Node.js API for Apache Spark with Remote Client
npm install eclairjsEclairJS provides JavaScript and Node.js developers with an API for Apache Spark, and enables them to take advantage of Spark's unique data-processing environment that includes streaming, SQL, Machine Learning, and a graph database. Using EclairJS, developers can write applications entirely in JavaScript, some of which will be executed in the local JavaScript environment such as Node.js, and some of which will be executed on Spark. EclairJS is composed of a client component that runs in the local JavaScript environment, and can be simply installed from npm, and server components that can be remote from the client and handle JavaScript in Spark.
The examples directory contains smaller code examples that demonstrate how-to take advantage of various Spark capabilities such as streaming, ML, from a Node.js environment.
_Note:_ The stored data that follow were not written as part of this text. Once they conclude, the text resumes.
(* Let $d\ge2$ be an integer and $\delta\in(0,d]$ real. Let $P$ be a set of $n$ points in $\mathbb{R}^d$ with $\dim_{\mathsf f}(P)=\delta$ and let $D=\{\mathrm{ball}(x,1):x\in P\}$. Let $D'\subseteq D$ consist of $k$ pairwise disjoint balls. Then there exist $c\in\mathbb{R}^d$ and $r>0$ such that at most $H$ balls of $D'$ intersect $\mathrm{sphere}(c,r)$, and at most $(1-2^{-O(d)})k$ balls of $D'$ are contained in the interior of $\mathrm{sphere}(c,r)$ and at most $(1-2^{-O(d)})k$ in its exterior, where $H=O(k^{1-1/\delta})$ if $\delta>1$ and $H=O(1)$ if $\delta\le1$.
   Context: $\mathrm{ball}(x,r)$ and $\mathrm{sphere}(x,r)$ denote the closed Euclidean ball and the sphere of radius $r$ centered at $x$. Fractal dimension: for a family of finite pointsets $P\subseteq\mathbb{R}^d$ (with $|P|$ unbounded), $\dim_{\mathsf f}(P)$ is the infimum of $\delta$ such that there is a constant $c_0$ with: for every member $P$, every $\varepsilon>0$, every $r\ge2\varepsilon$, every $\varepsilon$-net $N$ of $P$ (a subset of $P$ whose points are pairwise at distance $\ge\varepsilon$ and such that every point of $P$ is within distance $\varepsilon$ of $N$) and every $x$, $|N\cap\mathrm{ball}(x,r)|\le c_0(r/\varepsilon)^\delta$. Hidden constants may depend on $d,\delta,c_0$. *)

(* points of R^d are lists of reals of length d. *)
From Stdlib Require Export Reals List.
Export ListNotations.
Open Scope R_scope.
There is also an examples/server directory that contains smaller code examples that can be run directly on the EclairJS server.
The eclairs-examples repository contains a number of relatively full-function example Node.js applications that include UIs using the EclairJS client, plus the EclairJS server and Spark.
``bash`
cd repository-root-dir/examples
npm install
We have provided the server in a Docker container which you can obtain and run with:
`bash`
docker pull eclairjs/minimal-gateway
docker run -p 8888:8888 eclairjs/minimal-gateway
Now you can run any of the examples using the run.sh script from the examples directory, e.g.:
`bash`
./run.sh --docker wordcount/wordcount.js
Please not that if you are running the docker container in a docker-machine environment or on another server, make sure you set the following environment variables:
`bash``
export JUPYTER_HOST=
export JUPYTER_PORT=
Note: This repository supports Apache Spark 2.0, and it supercedes an set of repositories (EclairJS/eclairjs-node and EclairJS/eclairjs-nashorn) that supported an earlier version of Spark, namely 1.6. The focus of the EclairJS work going forward will be on supporting Spark 2.0.